Nuestra biblioteca C ++ actualmente usa time_t para almacenar valores de tiempo. Estoy empezando a necesitar una precisión de menos de segundo en algunos lugares, por lo que un tipo de datos más grande será necesario allí de todos modos. Además, podría ser útil sortear el problema del Año 2038 en algunos lugares. Así que estoy pensando en cambiar completamente a una única clase de tiempo con un valor int64_t subyacente, para reemplazar el valor de time_t en todos los lugares.

Ahora me pregunto sobre el impacto en el rendimiento de dicho cambio cuando ejecuto este código en un sistema operativo de 32 bits o una CPU de 32 bits. IIUC el compilador generará código para realizar aritmética de 64 bits utilizando registros de 32 bits. Pero si esto es demasiado lento, podría tener que usar una forma más diferenciada para manejar los valores de tiempo, lo que podría hacer que el software sea más difícil de mantener.

Lo que me interesa:

  • ¿Qué factores influyen en el rendimiento de estas operaciones?
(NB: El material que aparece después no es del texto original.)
(* Let $G$ be a connected 2-walk-regular graph that is neither bipartite nor complete multipartite. Then the canonical vector coloring of $G$ is locally injective.
   Context: With $A$ the adjacency matrix and $\circ$ the entrywise product, $G$ is 1-walk-regular if for all $\ell\in\mathbb{N}$ there are constants $a_\ell,b_\ell$ with $A^\ell\circ I=a_\ell I$ and $A^\ell\circ A=b_\ell A$; it is 2-walk-regular if additionally there are constants $c_\ell$ with $A^\ell\circ A_2=c_\ell A_2$ for all $\ell$, where $A_2$ is the adjacency matrix of the graph joining vertices at distance exactly 2 in $G$. Canonical vector coloring: for $G$ on $n$ vertices whose least adjacency eigenvalue has multiplicity $d$, take an $n\times d$ matrix $Q$ whose columns form an orthonormal basis of the least eigenspace and assign to vertex $i$ the vector $\sqrt{n/d}$ times the $i$-th row of $Q$. A vector assignment is locally injective if no two distinct vertices with a common neighbor receive the same vector. *)

From HB Require Import structures.
From mathcomp Require Import all_boot all_order all_algebra.
From mathcomp Require Import reals.
Set Implicit Arguments. Unset Strict Implicit. Unset Printing Implicit Defensive.
Import Order.TTheory GRing.Theory Num.Theory.
Local Open Scope ring_scope.

Section Defs.
Variable R : realType.
Variable n : nat.

Definition simple_graph (e : rel 'I_n) : Prop :=
  symmetric e /\ irreflexive e.

Definition adjmx (e : rel 'I_n) : 'M[R]_n := \matrix_(i, j) (e i j)%:R.

Definition dist2 (e : rel 'I_n) : rel 'I_n :=
  fun i j => [&& i != j, ~~ e i j & [exists k, e i k && e k j]].

Definition adjmx2 (e : rel 'I_n) : 'M[R]_n := \matrix_(i, j) (dist2 e i j)%:R.

Definition hadamard (A B : 'M[R]_n) : 'M[R]_n := \matrix_(i, j) (A i j * B i j).

Definition two_walk_regular (e : rel 'I_n) : Prop :=
  forall l : nat, exists a b c : R,
    [/\ hadamard (adjmx e ^+ l) 1%:M = a%:M,
        hadamard (adjmx e ^+ l) (adjmx e) = b *: adjmx e &
        hadamard (adjmx e ^+ l) (adjmx2 e) = c *: adjmx2 e].

Definition connected_graph (e : rel 'I_n) : Prop := forall i j, connect e i j.

Definition bipartite (e : rel 'I_n) : Prop :=
  exists f : 'I_n -> bool, forall i j, e i j -> f i != f j.

(* complete multipartite: vertices partitioned into parts, two vertices
   adjacent iff in different parts (includes complete graphs) *)
Definition complete_multipartite (e : rel 'I_n) : Prop :=
  exists f : 'I_n -> nat, forall i j, e i j = (f i != f j).

Definition least_eigenvalue (A : 'M[R]_n) (theta : R) : Prop :=
  eigenvalue A theta /\ forall mu, eigenvalue A mu -> theta <= mu.

Definition orthonormal_eigenbasis (A : 'M[R]_n) (theta : R) d (Q : 'M[R]_(n, d)) :
  Prop := Q^T *m Q = 1%:M /\ (Q^T == eigenspace A theta)%MS.

Definition canonical_coloring d (Q : 'M[R]_(n, d)) (i : 'I_n) : 'rV[R]_d :=
  Num.sqrt (n%:R / d%:R) *: row i Q.

Definition locally_injective (e : rel 'I_n) d (phi : 'I_n -> 'rV[R]_d) : Prop :=
  forall i j k, i != j -> e i k -> e j k -> phi i != phi j.

End Defs.

From HB Require Import structures.
From mathcomp Require Import all_boot all_order all_algebra.
From mathcomp Require Import reals complex spectral sesquilinear ring.
Import Order.TTheory GRing.Theory Num.Theory.
Local Open Scope ring_scope.
Set Implicit Arguments. Unset Strict Implicit. Unset Printing Implicit Defensive.
Lemma Lgen_kernel rho : Lgen rho = 0 -> rho = (\tr rho / 3)%:M.
Proof.
move=> L_rho; apply/eqP; rewrite -subr_eq0 -Lgen_pinvK L_rho mx3_0 /Lgen_pinv !mxE /=.
by apply/eqP; congr mx3; field.
Qed.
End Example.

Theorem proposition5p1 (R : rcfType) :
  L_erg (@Lgen R) /\
  exists rho_inv : 'M[R[i]]_3,
    [/\ density rho_inv, Lgen rho_inv = 0,
        (forall rho : 'M[R[i]]_3, density rho -> Lgen rho = 0 -> rho = rho_inv)
      & pdmx rho_inv].
Proof.
have third_gt0 : 0 < (3 : R[i])^-1 by rewrite invr_gt0 ltr0n.
split.
  apply: (@L_erg_of_unique_proj _ _ _ 1%:M); last exact: invariant_proj_Lgen_eq1.
  split; first by rewrite /orth_proj mulmx1 adjmx1.
  split; first exact: (oner_neq0 'M[R[i]]_3).
  by move=> X; exists (Lgen X); rewrite !mul1mx !mulmx1.
exists (3^-1)%:M; split.
- split; first exact/psdmx_scalar/ltW.
  by rewrite mxtrace_scalar -[_ *+ 3]mulr_natr mulVf ?pnatr_eq0.
- by rewrite -scalemx1 LgenZ Lgen1 scaler0.
- by move=> rho [_ tr1] /Lgen_kernel ->; rewrite tr1 mul1r.
- exact: pdmx_scalar.
Qed.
Probablemente el compilador y la versión del compilador; pero, ¿el sistema operativo o la marca / modelo de CPU también influyen en esto? ¿Utilizará un sistema normal de 32 bits los registros de 64 bits de las CPU modernas?
  • ¿Qué operaciones serán especialmente lentas cuando se emulan en 32 bits? ¿O que casi no tendrá desaceleración?
  • ¿hay algún resultado de referencia existente para usar int64_t / uint64_t en sistemas de 32 bits?
  • ¿Alguien tiene experiencia propia sobre este impacto en el rendimiento?

Estoy principalmente interesado en g ++ 4.1 y 4.4 en Linux 2.6 (RHEL5, RHEL6) en sistemas Intel Core 2; pero también sería bueno conocer la situación de otros sistemas (como Sparc Solaris + Solaris CC, Windows + MSVC).


¿Qué factores influyen en el rendimiento de estas operaciones? Probablemente el compilador y la versión del compilador; pero, ¿el sistema operativo o la marca / modelo de CPU también influyen en esto?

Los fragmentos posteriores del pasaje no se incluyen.